"AI" CTO's when confronted with some of the most basic followup question in existence (hexbear.net)

submitted 2 years ago by Posadas@hexbear.net to c/chapotraphouse@hexbear.net

17 comments fedilink hide all child comments

https://twitter.com/TechBurritoUno/status/1768363023192768799

top 17 comments

sorted by: hot top controversial new old

[-] Thordros@hexbear.net 35 points 2 years ago

Q: "So, what data did you use to train your model?"

A: "I am sorry, my capability to answer this question is limited, as I am an AI language model. I am not privy to the inner workings of private organizations, and can only answer general questions."

[-] junebug2@hexbear.net 29 points 2 years ago* (last edited 2 years ago)

I feel like it’s not that she doesn’t know the answers, it’s that the answers are not politically convenient. My understanding of the situation is that in the course of training the various GPTs, OpenAI and Microsoft have realistically scanned every piece of text and imagery that’s available on the internet. It didn’t matter how good or bad or who made it, the models needed every available data point. That was all well and good until covid led to a tightening of interest rates, which meant the VC overlords of Silicon Valley finally had to pay a bill. All the vapor ware companies that have never turned a profit are scrambling now, and we see the mass layoffs of the last three years. Microsoft, however, got to be King Shit of VC Mountain because one of their startups invented “AI”. Say what you will about it (and I will), the public interest in and corporate adoption of AI has meant that there is a positive revenue for a tech company. Now regardless of rationality, all tech executives must find a way to cash in on the Golden Calf. Some companies are designing new applications or creating new services.
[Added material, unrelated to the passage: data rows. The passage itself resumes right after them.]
(* Let $A,B\subset\mathbb{R}^2$ be Pareto sets, let $M=\{a+b:a\in A,b\in B\}$ be their Minkowski sum and $C$ their Pareto sum. Let $c,c'\in C$ with $c.x<c'.x$, and let $\varepsilon>0$. If there exists an element of $M$ that dominates the point $(c'.x-\varepsilon,\,c.y-\varepsilon)$, then the lexicographically smallest element $m\in M$ dominating $(c'.x-\varepsilon,\,c.y-\varepsilon)$ belongs to $C$.
   Context: For $p,p'\in\mathbb{R}^2$, $p$ dominates $p'$ if $p\neq p'$, $p.x\le p'.x$ and $p.y\le p'.y$. A Pareto set is a set $S\subset\mathbb{R}^2$ in which no point dominates another. The Pareto sum $C$ of Pareto sets $A,B$ is the set of points of $M$ not dominated by any point of $M$. *)

From Stdlib Require Import Reals.
Open Scope R_scope.

Definition pt := (R * R)%type.
Definition px (p : pt) : R := fst p.
Definition py (p : pt) : R := snd p.

Definition dominates (p p' : pt) : Prop :=
  p <> p' /\ px p <= px p' /\ py p <= py p'.

Definition pareto_set (S : pt -> Prop) : Prop :=
  forall p q, S p -> S q -> ~ dominates p q.

Definition minkowski_sum (A B : pt -> Prop) : pt -> Prop :=
  fun m => exists a b, A a /\ B b /\ m = (px a + px b, py a + py b).

Definition pareto_sum (A B : pt -> Prop) : pt -> Prop :=
  fun c => minkowski_sum A B c /\
           forall m, minkowski_sum A B m -> ~ dominates m c.

Definition lex_le (p q : pt) : Prop :=
  px p < px q \/ (px p = px q /\ py p <= py q).

Definition lex_min_of (S P : pt -> Prop) (m : pt) : Prop :=
  S m /\ P m /\ forall m', S m' -> P m' -> lex_le m m'.

(* Domination is transitive, so every point dominating m also dominates the
   target point; and a dominating point is lexicographically strictly smaller.
   Hence nothing in M dominates the lexicographic minimum m. *)
From Stdlib Require Import Reals Lra.
Open Scope R_scope.

Lemma pt_eq (p q : pt) : px p = px q -> py p = py q -> p = q.
Proof.
  destruct p, q; unfold px, py; simpl; intros -> ->; reflexivity.
Qed.

Lemma dominates_antisym (p q : pt) : dominates p q -> ~ dominates q p.
Proof.
  intros [Hne [Hx Hy]] [_ [Hx' Hy']].
  apply Hne, pt_eq; lra.
Qed.

Lemma dominates_trans (p q r : pt) :
  dominates p q -> dominates q r -> dominates p r.
Proof.
  intros Hpq Hqr.
  destruct Hpq as [Hne [Hx Hy]], Hqr as [Hne' [Hx' Hy']].
  repeat split; try lra.
  intros ->.
  apply (dominates_antisym q r); repeat split; assumption.
Qed.

Lemma dominates_not_lex_le (p q : pt) : dominates p q -> ~ lex_le q p.
Proof.
  intros [Hne [Hx Hy]] [Hlt | [Heq Hle]]; [lra |].
  apply Hne, pt_eq; lra.
Qed.

Lemma lex_min_of_undominated (S P : pt -> Prop) (m : pt) :
  (forall p q, dominates p q -> P q -> P p) ->
  lex_min_of S P m -> forall p, S p -> ~ dominates p m.
Proof.
  intros HP [_ [HPm Hmin] ] p HSp Hpm.
  exact (dominates_not_lex_le p m Hpm (Hmin p HSp (HP p m Hpm HPm))).
Qed.

Theorem lemma1 (A B : pt -> Prop) (c c' : pt) (eps : R) (m : pt) :
  pareto_set A -> pareto_set B ->
  pareto_sum A B c -> pareto_sum A B c' ->
  px c < px c' -> 0 < eps ->
  (exists m0, minkowski_sum A B m0 /\ dominates m0 (px c' - eps, py c - eps)) ->
  lex_min_of (minkowski_sum A B)
             (fun p => dominates p (px c' - eps, py c - eps)) m ->
  pareto_sum A B m.
Proof.
  intros _ _ _ _ _ _ _ Hmin.
  split.
  - exact (proj1 Hmin).
  - apply (lex_min_of_undominated _ _ _ (fun p q Hpq Hq => dominates_trans p q _ Hpq Hq) Hmin).
Qed.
The majority are realizing that they some how, sort of kind of, are the original data the models were made from, and they’re trying to extract rents from it. For now, that’s really only for content in the future. If the CTO here publicly claims that their product relies on YouTube or anything, Alphabet or whatever parent would be stupid not to come and sue for whatever they might get.
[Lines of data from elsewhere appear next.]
(* 2-trees, built on vertex sets V (the graph being the induced subgraph G[V]). *)
Inductive two_tree_on (e : rel T) : {set T} -> Prop :=
  | tt_base x y : x != y -> e x y -> two_tree_on e [set x; y]
  | tt_step V x y z : two_tree_on e V -> x \in V -> y \in V -> e x y ->
      z \notin V -> (forall w, w \in V -> e z w = (w == x) || (w == y)) ->
      two_tree_on e (z |: V).

Definition two_tree (e : rel T) : Prop := two_tree_on e [set: T].

Definition is_K1 : Prop := #|T| = 1.

End Graphs.

(* In a 1-perfect orientation arcs propagate along induced paths: once an arc points
   backwards, all later ones do, since otherwise some vertex would have two non-adjacent
   out-neighbours. Hence every induced cycle C is oriented cyclically, and a vertex w off C
   receiving an arc from C sends an arc back to C, for otherwise w is adjacent to three
   consecutive vertices of C and G has a K4 minor. On a shortest path from a sink to C all
   arcs point towards the sink, and the arc sent back to C by its last vertex off C gives a
   shorter path; so G is chordal.

   Adding a vertex z adjacent to an edge xy keeps an orientation 1-perfect as long as only
   vertices whose out-neighbours lie in {x, y} point to z. Keeping, for every edge ab, an
   orientation in which a is a sink and the only out-neighbour of b, every 2-tree gets
   1-perfect orientations with any prescribed sink.

   For an edge st of a biconnected chordal graph and a component K of G - s - t, some u in K
   is adjacent to both s and t. A component of K - u sees u and, as there is no K4 minor,
   misses s or t, so it is a smaller component for the edge su or tu. This ends with a vertex
   of degree 2 whose neighbours are adjacent; deleting it keeps the graph biconnected, and
   induction builds the 2-tree. *)

From mathcomp Require Import all_boot zify.
Set Implicit Arguments. Unset Strict Implicit. Unset Printing Implicit Defensive.

Lemma eqn_mod_ltF a b k : a < b < a + k -> (a == b %[mod k]) = false.
Proof.
move=> lt_ab; rewrite (_ : b = a + (b - a)); last by lia.
by rewrite -[X in X == _ %[mod k]]addn0 eqn_modDl mod0n modn_small; lia.
Qed.

Lemma modnSml m d : (m %% d).+1 %% d = m.+1 %% d.
Proof. by rewrite -addn1 modnDml addn1. Qed.

Section Walks.
Variable T : finType.
Implicit Types (r : rel T) (p : nat -> T).

Definition walk r p m := forall i, i < m -> r (p i) (p i.+1).

Definition induced_path r p m := [/\ walk r p m,
  forall i j, i.+1 < j <= m -> ~~ r (p i) (p j) &
  forall i j, i < j <= m -> p i != p j].

Lemma connect_walk r x y : connect r x y ->
  exists p m, [/\ p 0 = x, p m = y & walk r p m].
Proof.
move/connectP=> [s rs ->]; exists (nth x (x :: s)), (size s); split => //.
- exact: nth_last.
- by move=> i lt_i; apply: (pathP x rs).
Qed.

Lemma walk_connect r p m : walk r p m -> connect r (p 0) (p m).
Proof.
elim: m => [|m IHm] pw; first exact: connect0.
apply: connect_trans (IHm _) (connect1 (pw m _)) => // i lt_im; apply: pw; lia.
Qed.

Lemma connect_exit r (K : {pred T}) x y : connect r x y -> x \in K -> y \notin K ->
  exists a b, [/\ a \in K, b \notin K & r a b].
Proof.
move/connectP=> [s]; elim: s x => [|c s IHs] x /=; first by move=> _ -> ->.
case/andP=> rxc cs ylast xK yK; case cK: (c \in K); first exact: (IHs c cs ylast cK yK).
by exists x, c; rewrite cK.
Qed.

Lemma walk_extend r p m y : walk r p m -> r (p m) y ->
  walk r (fun l => if l <= m then p l else y) m.+1.
Proof.
move=> pw rpy l lt_l /=; have [lt_lm | ->] : l < m \/ l = m by lia.
  by rewrite ltnW // lt_lm; apply: pw.
by rewrite leqnn ltnn.
Qed.

Lemma walk_skip r p m i d : walk r p m -> i + d < m -> r (p i) (p (i + d).+1) ->
  let q l := p (if l <= i then l else l + d) in
  [/\ walk r q (m - d), q 0 = p 0 & q (m - d) = p m].
Proof.
move=> pw lt_m jump q; rewrite /q; split => //; last first.
  have -> : (m - d <= i) = false by lia.
  by congr p; lia.
move=> l lt_l; case: ifP => le_li; case: ifP => le_Sli.
- by apply: pw; lia.
- by have -> : l = i by lia.
- lia.
- by rewrite addSn; apply: pw; lia.
Qed.

Lemma induced_path_to r (B : {pred T}) p m : walk r p m -> p m \in B ->
  exists q n, [/\ q 0 = p 0, q n \in B, n <= m, induced_path r q n &
                  forall i, i < n -> q i \notin B].
Proof.
elim/ltn_ind: m p => m IHm p pw pB.
have shorter q n : n < m -> walk r q n -> q 0 = p 0 -> q n \in B ->
    exists q' n', [/\ q' 0 = p 0, q' n' \in B, n' <= m, induced_path r q' n' &
                     forall i, i < n' -> q' i \notin B].
  move=> lt_nm qw <- qB; have [q' [n' [<- ? le_n ? ?]]] := IHm n lt_nm q qw qB.
  by exists q', n'; split => //; apply: leq_trans le_n (ltnW lt_nm).
case: (boolP [exists i : 'I_m, p i \in B]) => [/existsP[i piB] | /existsPn noB].
  have lt_im := ltn_ord i.
  by apply: (shorter p i) => // j lt_j; apply: pw; lia.
case: (boolP [exists i : 'I_m, exists j : 'I_m.+1, (i.+1 < j) && r (p i) (p j)]) =>
    [/existsP[i /existsP[j /andP[lt_ij chord]]] | /existsPn nochord].
  have lt_im := ltn_ord i; have le_jm : j <= m := ltn_ord j.
  have [||qw q0 qm] := @walk_skip r p m i (j - i.+1) pw; first by lia.
    by have -> : (i + (j - i.+1)).+1 = j by lia.
  by apply: shorter qw q0 _; rewrite ?qm //; lia.
case: (boolP [exists i : 'I_m, exists j : 'I_m, (i < j) && (p i == p j)]) =>
    [/existsP[i /existsP[j /andP[lt_ij /eqP pij]]] | /existsPn nodup].
  have lt_jm := ltn_ord j.
  have [||qw q0 qm] := @walk_skip r p m i (j - i) pw; first by lia.
    by rewrite (_ : i + (j - i) = j) ?pij; [apply: pw | lia].
  by apply: shorter qw q0 _; rewrite ?qm //; lia.
exists p, m; split=> //; last by move=> i lt_im; apply: (noB (Ordinal lt_im)).
split=> // i j /andP[lt_ij le_jm].
- have lt_im : i < m by lia.
  by have /existsPn/(_ (Ordinal (le_jm : j < m.+1))) := nochord (Ordinal lt_im); rewrite lt_ij.
- have lt_im : i < m by lia.
  have [lt_jm | eq_jm] : j < m \/ j = m by lia.
    by have /existsPn/(_ (Ordinal lt_jm)) := nodup (Ordinal lt_im); rewrite lt_ij.
  by rewrite eq_jm; apply: contraNneq (noB (Ordinal lt_im)) => ->.
Qed.
End Walks.

Section Graph.
Variables (T : finType) (e : rel T).
Hypotheses (esym : symmetric e) (eirr : irreflexive e).

Section InducedSubgraphs.
Implicit Types (U V K : {set T}) (p : nat -> T).

Definition induced (U : {set T}) : rel T := fun a b => [&& e a b, a \in U & b \in U].

Lemma induced_sym U : symmetric (induced U).
Proof. by move=> a b; rewrite /induced esym (andbC (a \in U)). Qed.

Lemma connect_induced_in U a b : connect (induced U) a b -> a \in U -> b \in U.
Proof.
move/connectP=> [s]; elim: s a => [|c s IHs] a /=; first by move=> _ ->.
by case/andP=> /and3P[_ _ cU] cs bl _; apply: IHs cs bl cU.
Qed.

Definition reach (U : {set T}) (c : T) : {set T} := [set y | connect (induced U) c y].

Lemma reach_subset U c : c \in U -> reach U c \subset U.
Proof. by move=> cU; apply/subsetP=> y; rewrite inE => /connect_induced_in; apply. Qed.

Lemma reach_closed U c x y : x \in reach U c -> x \in U -> y \in U -> e x y ->
  y \in reach U c.
Proof.
by rewrite !inE => cx xU yU exy; apply: connect_trans cx (connect1 _); rewrite /induced exy xU.
Qed.

Lemma reach_connected U c : induced_connected e (reach U c).
Proof.
have lift y : connect (induced U) c y -> connect (induced (reach U c)) c y.
  move/connectP=> [s]; elim/last_ind: s y => [|s z IHs] y /=; first by move=> _ ->.
  rewrite rcons_path last_rcons => /andP[cs lz] ->.
  have cl : connect (induced U) c (last c s) by apply/connectP; exists s.
  apply: connect_trans (IHs _ cs erefl) (connect1 _).
  move: (lz) => /and3P[elz _ _]; rewrite /induced elz !inE cl.
  exact: connect_trans cl (connect1 lz).
split; first by apply/set0Pn; exists c; rewrite inE connect0.
move=> x y; rewrite !inE => cx cy.
apply: (connect_trans (y := c)); last exact: lift.
by rewrite (sym_connect_sym (induced_sym _)); apply: lift.
Qed.

Lemma induced_connected1 x : induced_connected e [set x].
Proof.
split; first by apply/set0Pn; exists x; rewrite inE.
by move=> a b; rewrite !inE => /eqP-> /eqP->; apply: connect0.
Qed.

Lemma K4_minor_of_triangle x y z (B : {set T}) :
  e x y -> e y z -> e z x -> induced_connected e B ->
  x \notin B -> y \notin B -> z \notin B ->
  (exists2 b, b \in B & e x b) -> (exists2 b, b \in B & e y b) ->
  (exists2 b, b \in B & e z b) -> has_K4_minor e.
Proof.
move=> exy eyz ezx cB xB yB zB [bx bxB xbx] [b_y byB yby] [bz bzB zbz].
have neq a b : e a b || e b a -> a != b by apply: contraTneq => ->; rewrite eirr.
have adj1 a b : e a b -> exists u v, [/\ u \in [set a], v \in [set b] & e u v].
  by move=> eab; exists a, b; rewrite !inE.
have adjB a b : b \in B -> e a b -> exists u v, [/\ u \in [set a], v \in B & e u v].
  by move=> bB eab; exists a, b; rewrite !inE.
have Badj a b : b \in B -> e a b -> exists u v, [/\ u \in B, v \in [set a] & e u v].
  by move=> bB eab; exists b, a; rewrite !inE esym.
exists (fun i : 'I_4 => nth B [:: [set x]; [set y]; [set z]] i); split.
- by case=> [[|[|[|[|i]]]] lt_i] //=; apply: induced_connected1.
- case=> [[|[|[|[|i]]]] ?] // [[|[|[|[|j]]]] ?] //= _;
    rewrite ?disjoints1 ?(disjoint_sym B) ?disjoints1 ?inE //;
    by apply: neq; rewrite ?exy ?eyz ?ezx ?orbT.
- case=> [[|[|[|[|i]]]] ?] // [[|[|[|[|j]]]] ?] //= _;
    by [apply: adj1; rewrite // esym | exact: adjB bxB xbx | exact: adjB byB yby
       | exact: adjB bzB zbz | exact: Badj bxB xbx | exact: Badj byB yby | exact: Badj bzB zbz].
Qed.

Lemma connect_induced_sub U V x y : U \subset V -> connect (induced U) x y ->
  connect (induced V) x y.
Proof.
move=> sUV; apply: connect_sub => a b /and3P[eab aU bU]; apply: connect1.
by rewrite /induced eab !(subsetP sUV).
Qed.

Lemma walk_induced_in U p n : walk (induced U) p n -> 0 < n -> forall i, i <= n -> p i \in U.
Proof.
move=> pw n_gt0 i le_in; have [lt_in | ->] : i < n \/ i = n by lia.
  by case/and3P: (pw i lt_in).
have lt_n : n.-1 < n by lia.
by rewrite -(prednK n_gt0); case/and3P: (pw n.-1 lt_n).
Qed.

Lemma induced_path_induced U p n : induced_path (induced U) p n -> induced_path e p n.
Proof.
case: n => [|n] [pw pchord pinj]; first by split=> // i j; lia.
have pU := walk_induced_in pw isT.
split=> // [i lt_in | i j ij]; first by case/and3P: (pw i lt_in).
by apply: contra (pchord i j ij) => eij; rewrite /induced eij !pU //; lia.
Qed.

End InducedSubgraphs.

Section InducedCycles.
Implicit Types (h p : nat -> T) (o : rel T).

(* An induced cycle of length k, listed periodically: h i is its vertex number i mod k. *)
Definition induced_cycle_fun h k := [/\ 4 <= k,
  forall i j, (h i == h j) = (i == j %[mod k]) &
  forall i j, e (h i) (h j) = (i.+1 == j %[mod k]) || (j.+1 == i %[mod k])].

Lemma induced_cycle_fun_nth x0 s : induced_cycle e s ->
  induced_cycle_fun (fun j => nth x0 s (j %% size s)) (size s).
Proof.
case=> us size_s adj; have s_gt0 : 0 < size s by lia.
split=> // [i j|i j]; first by rewrite nth_uniq ?ltn_pmod.
by rewrite adj ?ltn_pmod // !modnSml (eq_sym (j %% _)) (eq_sym (i %% _)).
Qed.

Section InducedCycle.
Variables (h : nat -> T) (k : nat).
Hypothesis hc : induced_cycle_fun h k.

Lemma induced_cycle_fun_shift a : induced_cycle_fun (fun j => h (a + j)) k.
Proof.
case: hc => k4 heq hadj; split=> // i j; first by rewrite heq eqn_modDl.
by rewrite hadj -!addnS !eqn_modDl.
Qed.

Lemma induced_cycle_fun_neq i d : 0 < d < k -> h (i + d) != h i.
Proof. by case: hc => _ heq _ lt_d; rewrite heq eq_sym eqn_mod_ltF //; lia. Qed.

Lemma induced_cycle_fun_periodic j : h (j + k) = h j.
Proof. by case: hc => _ heq _; apply/eqP; rewrite heq modnDr. Qed.

Lemma induced_cycle_fun_mod j : h (j %% k) = h j.
Proof. by case: hc => _ heq _; apply/eqP; rewrite heq modn_mod. Qed.

Lemma induced_cycle_fun_edge j : e (h j) (h j.+1).
Proof. by case: hc => _ _ hadj; rewrite hadj eqxx. Qed.

Lemma induced_cycle_fun_gap2 j : ~~ e (h j) (h j.+2) && (h j != h j.+2).
Proof.
case: hc => k4 heq hadj; rewrite hadj heq [j.+3 == _ %[mod k]]eq_sym.
by rewrite !eqn_mod_ltF //; lia.
Qed.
[-] SSJ2Marx@hexbear.net 22 points 2 years ago

The way she keeps repeating "publicly available and licensed data" makes me one hundred percent positive that this is a lawyer-written phrase and she knows that she's in a potential legal minefield and is sticking as closely to it as she can.

[-] hello_hello@hexbear.net 15 points 2 years ago

Please give answer I have twitter blocked on my DNS.

[-] henfredemars@infosec.pub 19 points 2 years ago* (last edited 2 years ago)

My quick lazy manual transcription:

What data was used to train Sora?
We used publicly available data and licensed data.

So, videos on YouTube?
I'm actually not sure about that.

OK, videos from Facebook? Instagram?
You know if they were publicly available, um yeah, publicly available to use there might be the data but I'm not sure. I'm not confident about it.

What about Shutterstock? I know you guys have a deal with them.
I'm just not gonna go into the details of the data that was used but it was publicly available or licensed data.

EDIT: Please help, can't figure out how preserve line breaks. Edit: Improved it a bit.

[-] InevitableSwing@hexbear.net 10 points 2 years ago

Two spaces on the end.

---

Yada yada verse
Yada yada verse
Yada yada verse

Yada yada chorus
Yada yada chorus
Yada yada chorus

[-] henfredemars@infosec.pub 5 points 2 years ago

Thank you! I'm not sure how or why that works.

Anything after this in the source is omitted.